What do I do if an Elasticsearch cluster is in a state indicated by the color yellow?

● Cause

If the number of replica shards that you specify for an index is greater than the number of nodes minus 1, the cluster enters a state indicated by the color yellow.

● Solutions

Run the command to query the distribution of shards for indexes and identify the index that is in a state indicated by the color yellow. Then, change the number of replica shards for the index to 0. After the cluster recovers to a normal state, change the number of replica shards for the index from 0 to the original setting.

PUT test/_settings
{
  "index" : {
    "number_of_replicas":"0"
  }
}

What do I do if an Elasticsearch cluster is in a state indicated by the color red due to heavy loads?
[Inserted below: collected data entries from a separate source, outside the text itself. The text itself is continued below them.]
Lemma log2_le (x y : R) : 0 < x -> x <= y -> log2 x <= log2 y.
Proof.
  intros Hx Hxy; unfold log2, Rdiv; apply Rmult_le_compat_r.
  - left; apply Rinv_0_lt_compat; rewrite <- ln_1; apply ln_increasing; lra.
  - destruct Hxy as [H | ->]; [left; apply ln_increasing; assumption | right; reflexivity].
Qed.

Lemma traces_for_inputs (M : itrace -> Prop) (l : list val) :
  (forall h, In h l -> input_dom M h) ->
  exists lt, (forall t, In t lt -> M t) /\
    forall h, In h l -> exists t, In t lt /\ t 0%nat VH = h.
Proof.
  induction l as [|a l IH]; intros H.
  - exists nil; split; [intros t [] | intros h []].
  - destruct (H a (or_introl eq_refl)) as [t [Mt Ht]].
    destruct IH as [lt [H1 H2]]; [intros h Hh; apply H; right; exact Hh|].
    exists (t :: lt); split.
    + intros t' [<- | Ht']; [exact Mt | exact (H1 t' Ht')].
    + intros h [<- | Hh]; [exists t; split; [left; reflexivity | exact Ht]|].
      destruct (H2 h Hh) as [t' [Ht' E]]; exists t'; split; [right; exact Ht' | exact E].
Qed.

Section Program.

Variable M : itrace -> Prop.
Hypothesis HM : is_program M.

Lemma program_traces_finite : exists lt : list itrace, forall t, M t <-> In t lt.
Proof.
  destruct HM as [Hdet [l [_ Hl]]].
  destruct (traces_for_inputs M l (fun h => proj1 (Hl h))) as [lt [H1 H2]].
  exists lt; intro t; split; [|exact (H1 t)]; intro Mt.
  destruct (H2 (t 0%nat VH) (proj2 (Hl _) (ex_intro _ t (conj Mt eq_refl)))) as [t' [Ht' E]].
  rewrite <- (Hdet t' t (H1 t' Ht') Mt E); exact Ht'.
Qed.

Lemma dom_list_spec :
  NoDup (dom_list M) /\ forall h, In h (dom_list M) <-> input_dom M h.
Proof.
  destruct HM as [_ [l [_ Hl]]]; unfold dom_list; apply epsilon_spec.
  destruct (exists_NoDup_same_elements l) as [l' [Hnd Hin]].
  exists l'; split; [exact Hnd | intro h; rewrite Hin; apply Hl].
Qed.

Lemma out_list_spec :
  NoDup (out_list M) /\ forall o, In o (out_list M) <-> exists t, M t /\ o = out_of t.
Proof.
  destruct program_traces_finite as [lt Hlt]; unfold out_list; apply epsilon_spec.
  destruct (exists_NoDup_same_elements (map out_of lt)) as [l' [Hnd Hin]].
  exists l'; split; [exact Hnd|]; intro o; rewrite Hin, in_map_iff.
  split; intros [t [E Ht]]; exists t; split.
  - apply Hlt; exact Ht.
  - symmetry; exact E.
  - symmetry; exact Ht.
  - apply Hlt; exact E.
Qed.
Lemma std_coefs_eq_of_subst (Z : bool -> ncs k) (v1 s1 a1 b1 c1 v2 s2 a2 b2 c2 : k) :
  s1 != 0 -> Z X [:: X] * Z Y [:: Y] - Z X [:: Y] * Z Y [:: X] != 0 ->
  (exists lam, forall w, size w = 3 ->
     \sum_(t <- rel3_terms v1 s1) t.1 * nc_subst Z t.2 w =
     lam * nc_of (rel3_terms v2 s2) w) ->
  (exists mu, forall w, size w = 4 -> count_mem Y w = 1 ->
     \sum_(t <- rel4_terms a1 b1 c1) t.1 * nc_subst Z t.2 w =
     mu * nc_of (rel4_terms a2 b2 c2) w) ->
  [/\ v1 = v2, s1 = s2, a1 = a2, b1 = b2 & c1 = c2].
Proof.
move=> s1nz + [lam e3] [mu e4].
move: (e3 [:: X; X; X] erefl) (e3 [:: X; X; Y] erefl) (e3 [:: X; Y; Y] erefl)
  (e3 [:: Y; X; Y] erefl) (e3 [:: Y; Y; X] erefl)
  (e4 [:: X; X; X; Y] erefl erefl) (e4 [:: X; X; Y; X] erefl erefl)
  (e4 [:: X; Y; X; X] erefl erefl) (e4 [:: Y; X; X; X] erefl erefl).
rewrite /nc_of !big_cons !big_nil /= !mulr1 !mulr0 !addr0 !add0r.
move: (Z X [:: X]) (Z X [:: Y]) (Z Y [:: X]) (Z Y [:: Y]) => A B C D.
move=> xxx xxy xyy yxy yyx xxxy xxyx xyxx yxxx det.
have C0 : C = 0.
  apply: (cubic_subst_lower_triangular (v := v1) s1nz det).
    by rewrite -[RHS](mulr0 lam) -xxx; ring.
  by rewrite -[RHS](mulr0 lam) -xxy; ring.
rewrite C0 mulr0 subr0 in det.
have [A0 D0] : A != 0 /\ D != 0 by move: det; rewrite mulf_eq0 negb_or => /andP.
have lamE : lam = A * D ^+ 2 by rewrite -[lam]mulr1 -xyy C0; ring.
have muE : mu = A ^+ 3 * D by rewrite -[mu]mulr1 -xxxy C0; ring.
have lam0 : lam != 0 by rewrite lamE mulf_neq0 ?expf_neq0.
have mu0 : mu != 0 by rewrite muE mulf_neq0 ?expf_neq0.
split; [apply: (mulfI lam0) | apply: (mulfI lam0) | apply: (mulfI mu0)..].
- by rewrite -yxy lamE C0; ring.
- by rewrite -yyx lamE C0; ring.
- by rewrite -xxyx muE C0; ring.
- by rewrite -xyxx muE C0; ring.
- by rewrite -yxxx muE C0; ring.
Qed.
(* Let $X$ be an extensible marked Dynkin diagram with $d$ nodes and let $\Delta$ be the common difference of $\{\det(X_n)\}_{n\ge d}$. Then there exists a sequence of integers $(a_i)_{i\ge1}$, depending only on $X$ and its node numbering, such that in $P(X_n)$ $$(-\Delta)\,\omega_i^{(n)}\equiv a_i\,\overline{\omega}_1^{(n)}\pmod{Q(X_n)}$$ for all $i=1,\dots,n$ and for all $n\ge d$ such that $\det(X_n)\ne0$. Moreover, the $a_i$ are the unique integers with this property.
   Context: A marked Dynkin diagram $X$ has nodes $1,\dots,d$ with node $d$ distinguished and symmetrizable generalized Cartan matrix $C(X)$. For $n\ge d$, $X_n$ is obtained by attaching a simply-laced chain of new nodes $d+1,\dots,n$ to node $d$ (so $C(X_n)$ has $C(X)$ as upper-left block, $2$ on the remaining diagonal, $-1$ in positions $(i,i+1),(i+1,i)$ for $d\le i<n$, $0$ elsewhere). $\det(Y)$ is the determinant of the generalized Cartan matrix of $Y$. $X$ is extensible if $\Delta\ne0$, $\det(X)\ne0$ and $\gcd(\Delta,\det X)=1$. For $\mathfrak g(X_n)$: simple roots $\alpha_i^{(n)}$, coroots $\check\alpha_i^{(n)}$ with $\alpha_j^{(n)}(\check\alpha_i^{(n)})=C(X_n)_{ij}$, root lattice $Q(X_n)$, weight lattice $P(X_n)$, fundamental weights $\omega_i^{(n)}$ with $\omega_i^{(n)}(\check\alpha_j^{(n)})=\delta_{ij}$, and $\overline{\omega}_i^{(n)}=\omega_{n-i+1}^{(n)}$. *)

From HB Require Import structures.
From mathcomp Require Import all_boot all_order all_algebra.
Set Implicit Arguments. Unset Strict Implicit. Unset Printing Implicit Defensive.
Import Order.TTheory GRing.Theory Num.Theory.
Local Open Scope ring_scope.

(* A marked Dynkin diagram X with d nodes is given by its generalized Cartan
   matrix A : 'M[int]_d; nodes 1..d are the indices 0..d-1, the distinguished
   node d is the index d-1. *)

Definition is_GCM (d : nat) (A : 'M[int]_d) : Prop :=
  (forall i, A i i = 2) /\
  (forall i j, i != j -> A i j <= 0) /\
  (forall i j, (A i j == 0) = (A j i == 0)).

Definition symmetrizable (d : nat) (A : 'M[int]_d) : Prop :=
  exists D : 'I_d -> rat, (forall i, 0 < D i) /\
    (forall i j, D i * (A i j)%:~R = D j * (A j i)%:~R).

(* C(X_n): attach a simply-laced chain d+1..n to node d (used for n >= d) *)
Definition ext_mx (d : nat) (A : 'M[int]_d) (n : nat) : 'M[int]_n :=
  \matrix_(i < n, j < n)
    match (insub (val i) : option 'I_d), (insub (val j) : option 'I_d) with
    | Some i', Some j' => A i' j'
    | _, _ => if i == j then 2
              else if ((val i).+1 == val j) || ((val j).+1 == val i) then -1
              else 0
    end.

Definition detX (d : nat) (A : 'M[int]_d) (n : nat) : int := \det (ext_mx A n).

(* Delta: the common difference of the arithmetic sequence (det X_n)_{n >= d} *)
Definition Delta (d : nat) (A : 'M[int]_d) : int := detX A d.+1 - detX A d.

Definition extensible (d : nat) (A : 'M[int]_d) : Prop :=
  Delta A != 0 /\ \det A != 0 /\ gcdz (Delta A) (\det A) = 1.

(* Weights of g(X_n) written in the basis of fundamental weights omega_i^(n):
   omega_i is the i-th unit column vector.  The simple root alpha_j has
   coordinates alpha_j(check alpha_i) = C_{ij}, i.e. it is the j-th column of
   C(X_n); hence Q(X_n) = C(X_n) *m Z^n. *)
Definition omega (n : nat) (i : 'I_n) : 'cV[int]_n := delta_mx i 0.

Definition congr_Q (d : nat) (A : 'M[int]_d) (n : nat) (v w : 'cV[int]_n) : Prop :=
  exists c : 'cV[int]_n, v - w = ext_mx A n *m c.

(* the property of the sequence a (indexed by i = 1, 2, ...):
   (-Delta) omega_i^(n) = a_i omegabar_1^(n) mod Q(X_n), omegabar_1^(n) = omega_n^(n) *)
Definition weight_congr_prop (d : nat) (A : 'M[int]_d) (a : nat -> int) : Prop :=
  forall n : nat, (d <= n)%N -> detX A n != 0 ->
    forall (i : 'I_n) (Hn : (n.-1 < n)%N),
      congr_Q A ((- Delta A) *: omega i) (a (val i).+1 *: omega (Ordinal Hn)).

From HB Require Import structures.
From mathcomp Require Import all_boot all_order all_algebra zify ring.
Import Order.TTheory GRing.Theory Num.Theory.
Set Implicit Arguments. Unset Strict Implicit. Unset Printing Implicit Defensive.
Local Open Scope ring_scope.

(* Because det X_n = det X + (n - d) Delta
   and gcd(Delta, det X) = 1, consecutive determinants det X_(n-1), det X_n are
   coprime.  For an integer matrix M whose determinant is coprime to its last
   principal minor, w lies in M Z^n as soon as det M divides the last entry of
   adj(M) w.  Choosing a_i as the (n0, i) entry of adj C(X_n0), n0 = max(d, i),
   makes this hold for n = n0, and a solution for X_n extends to X_(n+1) by
   repeating its last coordinate.  Conversely, if c omegabar_1 lies in Q(X_n)
   then det X_n divides c det X_(n-1), hence c; since |det X_n| is unbounded,
   two admissible sequences agree. *)

Lemma lift_ord_max n (j : 'I_n) : lift ord_max j = widen_ord (leqnSn n) j.
Proof. exact/val_inj/lift_max. Qed.

Lemma cofactor_diag (R : pzRingType) n (M : 'M[R]_n) i :
  cofactor M i i = \det (row' i (col' i M)).
Proof. by rewrite /cofactor -signr_odd addnn odd_double mul1r. Qed.

Lemma det_chain_tail (R : comPzRingType) m (M : 'M[R]_m.+2) :
    (forall j : 'I_m.+2, (j < m)%N -> M ord_max j = 0) ->
    (forall i : 'I_m.+2, (i < m)%N -> M i ord_max = 0) ->
  \det M = M ord_max ord_max * \det (row' ord_max (col' ord_max M))
    - M ord_max (lift ord_max ord_max) * M (lift ord_max ord_max) ord_max
      * \det (row' ord_max (col' ord_max (row' ord_max (col' ord_max M)))).
Proof.
move=> M_row M_col; set p := lift ord_max ord_max.
rewrite (expand_det_row _ ord_max) !big_ord_recr /=.
rewrite big1 ?add0r; last first.
  by move=> j _; rewrite M_row ?mul0r /=.
rewrite [cofactor _ ord_max ord_max]cofactor_diag addrC -lift_ord_max -/p.
congr (_ + _).
have lift_p : lift p ord_max = ord_max.
  by apply: val_inj; rewrite /= /bump ltnn leqnn.
rewrite /cofactor (expand_det_col _ ord_max) big_ord_recr /= big1 ?add0r; last first.
  move=> i _; rewrite !mxE lift_p M_col ?mul0r // lift_max; exact: (ltn_ord i).
rewrite /cofactor !mxE lift_p.
have -> : row' ord_max (col' ord_max (row' ord_max (col' p M)))
    = row' ord_max (col' ord_max (row' ord_max (col' ord_max M))).
  apply/matrixP => i j; rewrite !mxE; congr (M _ _); apply: val_inj.
  have := ltn_ord j; rewrite /= /bump ltnn add0n.
  by case: leqP; case: ltnP => //= *; lia.
have sgn_odd : (-1) ^+ m.*2.+1 = -1 :> R by rewrite -signr_odd /= odd_double.
have sgn_even : (-1) ^+ m.*2 = 1 :> R by rewrite -signr_odd odd_double.
rewrite /= /bump ltnn add0n addSn !addnn sgn_odd sgn_even.
ring.
Qed.

Section IntegerColumnSpace.

Variables (m : nat) (M : 'M[int]_m.+1).

Local Notation minor := (row' ord_max (col' ord_max M)).

Hypothesis det_coprime : coprimez (\det M) (\det minor).

Lemma mulmx_lift_max (x : 'cV[int]_m.+1) (k : 'I_m) :
  (M *m x) (lift ord_max k) 0
  = (minor *m row' ord_max x) k 0 + M (lift ord_max k) ord_max * x ord_max 0.
Proof.
rewrite !mxE big_ord_recr /=; congr (_ + _); apply: eq_bigr => j _.
by rewrite !mxE !lift_ord_max.
Qed.

Lemma dvdz_det_adj_mul (w : 'cV[int]_m.+1) :
    (\det M %| (\adj M *m w) ord_max 0%R)%Z ->
  forall j, (\det M %| (\adj M *m w) j 0%R)%Z.
Proof.
move=> dvd_last j; set z := \adj M *m w.
have Mz : M *m z = \det M *: w by rewrite mulmxA mul_mx_adj mul_scalar_mx.
have dvd_minor_z k : (\det M %| (minor *m row' ord_max z) k 0%R)%Z.
  have := mulmx_lift_max z k; rewrite Mz mxE => /eqP; rewrite -subr_eq => /eqP <-.
  by rewrite rpredB ?(dvdz_mulr _ (dvdzz _)) ?(dvdz_mull _ dvd_last).
case: (unliftP ord_max j) => [k ->|->] //.
have adj_minor : \det minor *: row' ord_max z = \adj minor *m (minor *m row' ord_max z).
  by rewrite mulmxA mul_adj_mx mul_scalar_mx.
have := congr1 (fun v : 'cV[int]_m => v k 0) adj_minor.
rewrite /= !mxE => minor_zk.
rewrite -(Gauss_dvdzr _ det_coprime) minor_zk.
by apply: rpred_sum => l _; rewrite dvdz_mull.
Qed.

Lemma colspan_adj_last (w : 'cV[int]_m.+1) (t : int) :
    \det M != 0 ->
    (\adj M *m w) ord_max 0 = t * \det M ->
  exists2 x, M *m x = w & x ord_max 0 = t.
Proof.
move=> det_neq0 adj_last; set z := \adj M *m w.
have dvd_z : forall j, (\det M %| z j 0%R)%Z.
  by apply: dvdz_det_adj_mul; rewrite // adj_last dvdz_mull.
set x := \col_j (z j 0%R %/ \det M)%Z.
have z_eq : \det M *: x = z.
  by apply/colP => j; rewrite [LHS]mxE [in LHS]mxE mulrC divzK.
exists x; last by rewrite mxE adj_last mulzK.
apply/subr0_eq/eqP.
have := scalemx_eq0 (\det M) (M *m x - w); rewrite (negbTE det_neq0) /= => <-.
by rewrite scalerBr scalemxAr z_eq mulmxA mul_mx_adj mul_scalar_mx subrr.
Qed.

Lemma dvdz_det_of_mul_last (x : 'cV[int]_m.+1) (c : int) :
    M *m x = c *: delta_mx ord_max 0 -> (\det M %| c)%Z.
Proof.
move=> Mx; have := congr1 (fun v => (\adj M *m v) ord_max 0) Mx.
rewrite /= mulmxA mul_adj_mx mul_scalar_mx -scalemxAr -colE !mxE cofactor_diag.
by rewrite -(Gauss_dvdzl _ det_coprime) => <-; apply: dvdz_mulr.
Qed.

End IntegerColumnSpace.

Section ExtendedDiagram.

Variables (d : nat) (A : 'M[int]_d).

Lemma ext_mx_dim : ext_mx A d = A.
Proof. by apply/matrixP => i j; rewrite mxE !valK. Qed.

Lemma ext_mx_widen n (i j : 'I_n) :
  ext_mx A n.+1 (widen_ord (leqnSn n) i) (widen_ord (leqnSn n) j) = ext_mx A n i j.
Proof. by rewrite !mxE. Qed.

Lemma ext_mx_minor n : row' ord_max (col' ord_max (ext_mx A n.+1)) = ext_mx A n.
Proof. by apply/matrixP => i j; rewrite 2!mxE !lift_ord_max ext_mx_widen. Qed.

Lemma ext_mx_last_row n (j : 'I_n.+1) : (d <= n)%N ->
  ext_mx A n.+1 ord_max j = if j == n :> nat then 2 else if j.+1 == n then -1 else 0.
Proof.
move=> le_dn; rewrite mxE insubF /=; last by rewrite ltnNge le_dn.
by rewrite -val_eqE /= eq_sym (gtn_eqF (ltn_ord j)).
Qed.

Lemma ext_mx_last_col n (i : 'I_n.+1) : (d <= n)%N ->
  ext_mx A n.+1 i ord_max = if i == n :> nat then 2 else if i.+1 == n then -1 else 0.
Proof.
move=> le_dn; rewrite mxE [insub n]insubF /=; last by rewrite ltnNge le_dn.
have -> : (i == ord_max) = (i == n :> nat) by rewrite -val_eqE.
by case: insub; rewrite (gtn_eqF (ltn_ord i)) orbF.
Qed.

Lemma ext_mx_last_row_far n (j : 'I_n.+1) : (d <= n)%N -> (j.+1 < n)%N ->
  ext_mx A n.+1 ord_max j = 0.
Proof. by move=> le_dn lt_jn; rewrite ext_mx_last_row // !ltn_eqF // ltnW. Qed.

Lemma ext_mx_last_col_far n (i : 'I_n.+1) : (d <= n)%N -> (i.+1 < n)%N ->
  ext_mx A n.+1 i ord_max = 0.
Proof. by move=> le_dn lt_in; rewrite ext_mx_last_col // !ltn_eqF // ltnW. Qed.

Lemma detX_rec n : (d <= n.+1)%N -> detX A n.+2 = 2 * detX A n.+1 - detX A n.
Proof.
move=> le_dn; rewrite /detX det_chain_tail; first last.
- by move=> i lt_in; rewrite ext_mx_last_col_far.
- by move=> j lt_jn; rewrite ext_mx_last_row_far.
rewrite !ext_mx_minor !ext_mx_last_row // ext_mx_last_col //= /bump ltnn add0n.
by rewrite eqxx (ltn_eqF (ltnSn n)) /=; ring.
Qed.

Lemma ext_mulmx_widen n (f : nat -> int) (k : 'I_n) : (d <= n)%N ->
  (ext_mx A n.+1 *m \col_(j < n.+1) f j) (widen_ord (leqnSn n) k) 0
  = (ext_mx A n *m \col_(j < n) f j) k 0 - (k.+1 == n)%:R * f n.
Proof.
move=> le_dn; rewrite !mxE big_ord_recr /=; congr (_ + _).
  by apply: eq_bigr => j _; rewrite ext_mx_widen !mxE.
rewrite ext_mx_last_col // (ltn_eqF (ltn_ord k)) mxE.
by case: (_ == _); rewrite /= ?mul0r ?subr0 ?mulN1r ?mul1r.
Qed.
Definition reduced_isotopies :=
  [set x : sq * (perm * (perm * 'I_n.+1)) | [&& is_latin x.1, is_reduced x.1 & P x.1]].
Definition latin_reductions :=
  [set y : sq * ('I_n.+1 * 'I_n.+1) | is_latin y.1 && P (reduce y.1 y.2.1 y.2.2)].

Definition unreduce (x : sq * (perm * (perm * 'I_n.+1))) :=
  let: (R, (r, (p, b))) := x in (isotope R r^-1 p^-1 (tperm ord0 b), (r ord0, b)).
Definition reduce_data (y : sq * ('I_n.+1 * 'I_n.+1)) :=
  let: (M, (a, b)) := y in
  (reduce M a b, (reduce_row_perm M a b, (reduce_sym_perm M a b, b))).

Lemma reduce_dataK y : is_latin y.1 -> unreduce (reduce_data y) = y.
Proof.
case: y => M [a b] /= latM; rewrite reduce_row_perm0 //.
by rewrite -[tperm _ _ in LHS]tpermV isotopeK.
Qed.

Lemma unreduceK x : is_latin x.1 -> is_reduced x.1 -> reduce_data (unreduce x) = x.
Proof.
case: x => R [r [p b]] /= latR /reducedP[row0 col0].
set M := isotope R r^-1 p^-1 (tperm ord0 b).
have sym_pE : reduce_sym_perm M (r ord0) b = p.
  rewrite /reduce_sym_perm (@inj_perm_eq _ _ (tperm ord0 b * p^-1)%g) => [|j].
    by rewrite invMg invgK tpermV -mulgA tperm2 mulg1.
  by rewrite mxE permK row0 permM.
have row_pE : reduce_row_perm M (r ord0) b = r.
  rewrite /reduce_row_perm sym_pE (@inj_perm_eq _ _ (r^-1 * p^-1)%g) => [|i].
    by rewrite mulgKV invgK.
  by rewrite mxE tpermR col0 permM.
by rewrite /reduce /= sym_pE row_pE /M -{1}tpermV isotopeVK.
Qed.
(* For every Young diagram $\mu$ with $m=|\mu|$ and every $n\ge1$, $$(T_n-\mathbf 1)(FS_\mu)_n=-\frac{m(m-1+zz')}{(n+1)(zz'+n)}(FS_\mu)_n+\frac{n+1-m}{(n+1)(zz'+n)}\sum_{\mu_\bullet\nearrow\mu}(z)_{\mu/\mu_\bullet}(z')_{\mu/\mu_\bullet}(FS_{\mu_\bullet})_n.$$
   Context: $\mathbb Y$ is the set of all Young diagrams (including $\varnothing$), $\mathbb Y_n$ those with $n$ boxes, $|\lambda|$ the number of boxes; $\mu\nearrow\lambda$ (equivalently $\lambda\searrow\mu$) means $\mu\subset\lambda$, $|\lambda|=|\mu|+1$. For a skew diagram $\theta$, $(z)_\theta=\prod_{(i,j)\in\theta}(z+j-i)$ ($(i,j)$ = box in row $i$, column $j$). $\dim\lambda$ is the number of standard Young tableaux of shape $\lambda$ ($\dim\varnothing=1$); $\dim(\mu,\lambda)$ is the number of chains $\mu\nearrow\cdots\nearrow\lambda$. Modified Frobenius coordinates: $\lambda=(a_1,\dots,a_d\mid b_1,\dots,b_d)$, $d$ the number of diagonal boxes, $a_i=\lambda_i-i+\frac12$, $b_i=\lambda'_i-i+\frac12$. $(z,z')$ is fixed in the principal series ($z\notin\mathbb R$, $z'=\bar z$) or complementary series ($z,z'\in(N,N+1)$, $N\in\mathbb Z$). Down transition $p^\downarrow(\nu,\lambda)=\dim\lambda/\dim\nu$ if $\lambda\nearrow\nu$, else 0; up transition for $\lambda\in\mathbb Y_n$: $p^\uparrow(\lambda,\nu)=\frac{(z)_{\nu/\lambda}(z')_{\nu/\lambda}}{zz'+n}\frac{\dim\nu}{(n+1)\dim\lambda}$ if $\nu\searrow\lambda$, else 0. $T_n$ acts on real functions $g$ on $\mathbb Y_n$ by $(T_ng)(\lambda)=\sum_{\nu\in\mathbb Y_{n+1}}p^\uparrow(\lambda,\nu)\sum_{\tilde\lambda\in\mathbb Y_n}p^\downarrow(\nu,\tilde\lambda)g(\tilde\lambda)$; $\mathbf 1$ is the identity. $\Lambda=\mathbb R[p_1,p_2,\dots]$ (symmetric functions) is viewed as functions on $\mathbb Y$ via $p_k(\lambda)=\sum_ia_i^k+(-1)^{k-1}\sum_ib_i^k$; $f_n$ is the restriction of $f\in\Lambda$ to $\mathbb Y_n$. $FS_\mu\in\Lambda$ is the Frobenius–Schur function, characterized by $FS_\mu(\lambda)=n^{\downarrow m}\dim(\mu,\lambda)/\dim\lambda$ for all $\lambda$ ($n=|\lambda|$, $m=|\mu|$, $n^{\downarrow m}=n(n-1)\cdots(n-m+1)$). *)

From HB Require Import structures.
From mathcomp Require Import all_boot all_order all_algebra.
From mathcomp Require Export complex.
Set Implicit Arguments. Unset Strict Implicit. Unset Printing Implicit Defensive.
Import Order.TTheory GRing.Theory Num.Theory.
Local Open Scope ring_scope.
If an error occurs on the node on which primary shards are distributed, the cluster enters a state indicated by the color red. You can run the GET /_cat/indices?v command to query the distribution of shards for indexes and identify the index that is in a state indicated by the color red. Then, troubleshoot the issue based on the causes and solutions described in the following table.

Cause	Solution
The resources of the cluster are insufficient due to unbalanced loads on nodes.	Change the total number of primary and replica shards to an integral multiple of the number of data nodes in the cluster to balance loads on nodes. For more information, see [What do I do if shards are not evenly distributed on nodes in an Elasticsearch cluster?](https://www.alibabacloud.com/help/en/es/support/faq-about-alibaba-cloud-elasticsearch-clusters?spm=a2c63.p38356.0.0.40777c42mIWWwd#section-ceh-v6l-poq)
The cluster stores invalid indexes.	Clear invalid indexes on a regular basis, such as monitoring indexes whose names start with .monitoring. For more information about how to configure monitoring indexes, see [Configure monitoring indexes.](https://www.alibabacloud.com/help/en/es/user-guide/configure-monitoring-indexes#task-2458007)
Shards are not allocated to nodes.	Run the command to query the reason why shards are not allocated to nodes and resolve the issue based on the actual situation. After the issue is resolved, run the command to reallocate shards to nodes.
The cache occupies a large amount of resources.	Run the command to clear the cache.
A cluster update operation such as configuration upgrade is being performed on the cluster.	Pause the update operation and select Forced Update on the Upgrade/Downgrade page to forcefully update the cluster. For more information, see [Upgrade the configuration of a cluster](https://www.alibabacloud.com/help/en/es/user-guide/upgrade-the-configuration-of-a-cluster#task-2446863).
The resources of the cluster are insufficient because the cluster uses low specifications such as 1 vCPU and 2 GiB of memory or 2 vCPUs and 4 GiB of memory.	Upgrade the configuration of the cluster. For more information, see [Upgrade the configuration of a cluster.](https://www.alibabacloud.com/help/en/es/user-guide/upgrade-the-configuration-of-a-cluster#task-2446863)
The disk usage exceeds 85%.	We recommend that you delete the historical data you no longer require or that you expand the capacity of disks. For more information, see [High disk usage and read-only indexes.](https://www.alibabacloud.com/help/en/es/support/high-disk-usage-and-read-only-indexes#concept-2415081)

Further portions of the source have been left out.